“In order for the Senate to proceed with business, we need to reject the House’s motion to go to conference,” he said.
Sen. Bob Onder, a Republican from Lake St. Louis (photo courtesy of Missouri Senate Communications).
Members of the Missouri Senate’s conservative caucus on Wednesday made it clear they would once again derail the chamber with procedural maneuvers in order to block negotiations with the House over a new congressional map.
Republican Sens. Bob Onder of Lake St. Louis, Bill Eigel of Weldon Spring and Denny Hoskins of Warrensburg stalled routine business Wednesday morning to protest a House vote to request a conference committee to work out differences between the two chambers over congressional maps.
The Senate has been mired all year in gridlock as GOP leadership sought to approve a map that essentially locked in the current partisan breakdown of Missouri’s eight congressional seats — six Republicans and two Democrats. They’ve faced resistance from the seven-member conservative caucus, which has pushed for a map that could allow Republicans to pick up seven of the eight seats.
Onder said Wednesday that he is confident that whatever map would emerge from conference would be worse that what the Senate approved last week. So he won’t let the chamber move forward unless it formally rejects the House’s offer.
Then, he argued, it will be the House’s decision on whether or not to accept the Senate’s map — or allow the process to be decided by the courts.
After about an hour of discussion, Onder agreed to sit down and the Senate recessed without taking any action on the House’s request.
Later in the evening, the Senate acquiesced and rejected going to conference.
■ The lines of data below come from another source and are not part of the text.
(* Let $\mathcal{I}\subseteq[K]$ be nonempty, let $\psi:\Omega\to\mathbb{R}$ ($\Omega\subseteq\mathbb{R}$) be strictly convex, and let positive learning rates $\gamma^t_i,\gamma^{t+1}_i$ be such that for every $i$ and $s\in\{t,t+1\}$ the function $\gamma^s_i\psi$ is twice differentiable with invertible derivative whose inverse is differentiable and convex. Let $\phi^s_{\mathcal{I}}(x)=\sum_{i\in\mathcal{I}}\gamma^s_i\psi(x_i)$, $\hat\ell^t\in\mathbb{R}^K$, $c\in\mathbb{R}$, and let $p,q$ with $p_i,q_i\in\Omega$ for $i\in\mathcal{I}$ and $\sum_{i\in\mathcal{I}}p_i=\sum_{i\in\mathcal{I}}q_i$. (a) If $\nabla\phi^{t+1}_{\mathcal{I}}(q)=\nabla\phi^t_{\mathcal{I}}(p)-\hat\ell^t_{\mathcal{I}}+c\cdot\mathbf{1}_{\mathcal{I}}$, then $$c\le\Big(\sum_{i\in\mathcal{I}}\frac{1}{\gamma^{t+1}_i\psi''(p_i)}\Big)^{-1}\sum_{i\in\mathcal{I}}\frac{(\gamma^{t+1}_i-\gamma^t_i)\psi'(p_i)+\hat\ell^t_i}{\gamma^{t+1}_i\psi''(p_i)},\qquad c\ge\Big(\sum_{i\in\mathcal{I}}\frac{1}{\gamma^{t}_i\psi''(q_i)}\Big)^{-1}\sum_{i\in\mathcal{I}}\frac{(\gamma^{t+1}_i-\gamma^t_i)\psi'(q_i)+\hat\ell^t_i}{\gamma^{t}_i\psi''(q_i)}.$$ (b) If $\nabla\phi^{t}_{\mathcal{I}}(q)=\nabla\phi^t_{\mathcal{I}}(p)-\hat\ell^t_{\mathcal{I}}+c\cdot\mathbf{1}_{\mathcal{I}}$, then $$\Big(\sum_{i\in\mathcal{I}}\frac{1}{\gamma^{t}_i\psi''(q_i)}\Big)^{-1}\sum_{i\in\mathcal{I}}\frac{\hat\ell^t_i}{\gamma^{t}_i\psi''(q_i)}\le c\le\Big(\sum_{i\in\mathcal{I}}\frac{1}{\gamma^{t}_i\psi''(p_i)}\Big)^{-1}\sum_{i\in\mathcal{I}}\frac{\hat\ell^t_i}{\gamma^{t}_i\psi''(p_i)}.$$
   Context: Gradients of $\phi^s_{\mathcal{I}}$ are taken coordinatewise on $\mathcal{I}$; $v_{\mathcal{I}}$ denotes the vector agreeing with $v$ on $\mathcal{I}$ and $0$ elsewhere, and $\mathbf{1}_{\mathcal{I}}$ is the indicator vector of $\mathcal{I}$. The equations are required coordinatewise for $i\in\mathcal{I}$. *)

From mathcomp Require Import all_boot.
From Stdlib Require Import Reals.
From Coquelicot Require Import Coquelicot.

Set Implicit Arguments.
Unset Strict Implicit.
Unset Printing Implicit Defensive.

Local Open Scope R_scope.

Definition sumI (K : nat) (I : {set 'I_K}) (F : 'I_K -> R) : R :=
  \big[Rplus/0]_(i in I) F i.

Definition omega_open_interval (Omega : R -> Prop) : Prop :=
  (forall x y z, Omega x -> Omega z -> x <= y <= z -> Omega y) /\
  (forall x, Omega x -> exists eps, 0 < eps /\
       forall y, Rabs (y - x) < eps -> Omega y).

Definition strictly_convex_on (Omega : R -> Prop) (psi : R -> R) : Prop :=
  forall x y l, Omega x -> Omega y -> x <> y -> 0 < l < 1 ->
    psi (l * x + (1 - l) * y) < l * psi x + (1 - l) * psi y.

Definition regular_rate (Omega : R -> Prop) (psi : R -> R) (gamma : R) : Prop :=
  let f := fun x => gamma * psi x in
  (forall x, Omega x -> ex_derive f x /\ ex_derive (Derive f) x) /\
  exists h : R -> R,
    (forall x, Omega x -> h (Derive f x) = x) /\
    (forall x, Omega x -> ex_derive h (Derive f x)) /\
    (forall x y l, Omega x -> Omega y -> 0 <= l <= 1 ->
       h (l * Derive f x + (1 - l) * Derive f y)
         <= l * h (Derive f x) + (1 - l) * h (Derive f y)).

Definition phi (K : nat) (g : 'I_K -> R) (psi : R -> R) (I : {set 'I_K})
  (x : 'I_K -> R) : R :=
  sumI I (fun i => g i * psi (x i)).

Definition grad_phi (K : nat) (g : 'I_K -> R) (psi : R -> R) (I : {set 'I_K})
  (x : 'I_K -> R) (i : 'I_K) : R :=
  Derive (fun y => phi g psi I (fun j => if j == i then y else x j)) (x i).

(* Write f_i = gamma_i psi and let h_i be the inverse of f_i'.  Since
   h_i (f_i' t) = t near u, the chain rule gives h_i'(f_i' u) = 1 / f_i''(u), and
   the tangent inequality of the convex h_i at f_i'(u) reads
     (f_i'(v) - f_i'(u)) / f_i''(u) <= v - u        for u, v in Omega.
   Take (u, v) = (p_i, q_i) with the new rates for the upper bound on c, and
   (u, v) = (q_i, p_i) with the old rates for the lower bound.  The gradient
   equation makes the left-hand side affine in c, the right-hand sides sum to 0
   because sum p = sum q, and f_i'' > 0 (psi is convex and f_i'' h_i' = 1), so
   summing over I and solving for c gives (a).  Part (b) is (a) with
   gamma^{t+1} = gamma^t. *)

From HB Require Import structures.
From mathcomp Require Import all_boot.
From Stdlib Require Import Reals Lra.
From Coquelicot Require Import Coquelicot.

Set Implicit Arguments.
Unset Strict Implicit.

Local Open Scope R_scope.

HB.instance Definition _ :=
  Monoid.isComLaw.Build R 0 Rplus (fun a b c => esym (Rplus_assoc a b c)) Rplus_comm Rplus_0_l.

Section IndexSums.

Variables (K : nat) (I : {set 'I_K}).

Lemma eq_sumI (F G : 'I_K -> R) : (forall i, F i = G i) -> sumI I F = sumI I G.
Proof. by move=> FG; apply: eq_bigr. Qed.

Lemma sumIN (F : 'I_K -> R) : sumI I (fun i => - F i) = - sumI I F.
Proof. by rewrite /sumI (big_morph Ropp Ropp_plus_distr Ropp_0). Qed.

Lemma sumI_lincomb a b (F G : 'I_K -> R) :
  sumI I (fun i => a * F i + b * G i) = a * sumI I F + b * sumI I G.
Proof.
rewrite /sumI; apply: (big_rec3 (fun x y z => x = a * y + b * z)); first ring.
by move=> i x y z _ ->; ring.
Qed.

Lemma sumI_le (F G : 'I_K -> R) :
  (forall i, i \in I -> F i <= G i) -> sumI I F <= sumI I G.
Proof.
move=> FG; apply: (big_ind2 (fun x y => x <= y)) => //; [lra | move=> *; lra].
Qed.

Lemma sumI_gt0 (F : 'I_K -> R) :
  I != set0 -> (forall i, i \in I -> 0 < F i) -> 0 < sumI I F.
Proof.
move=> /set0Pn [j Ij] F_gt0; rewrite /sumI (bigD1 j Ij) /=.
apply: Rplus_lt_le_0_compat; first exact: F_gt0.
apply: (big_ind (fun x => 0 <= x)) => [|*|i /andP [Ii _]]; [lra | lra |].
exact/Rlt_le/F_gt0.
Qed.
The future of the map remains unclear.
A lawsuit filed earlier this month on behalf of Missouri voters by Democratic attorneys asked a court to intervene and draw new maps. Candidate filing for the 2022 elections ended Tuesday.
Responding to Onder, state Rep. Dan Shaul, an Imperial Republican sponsoring the House redistricting bill, refuted the idea blame would rest on the House if lawmakers are unable to finish drawing a new map.
“We don’t accept that it is our fault,” Shaul said, “and we don’t accept that it is going to court.”
Gov. Mike Parson, who faced criticism for not calling a special session last year to focus on redistricting, said he was disappointed that the maps were still not complete.
“At some point you got to do your job,” Parson told reporters Wednesday, “and I think they should have done their job.”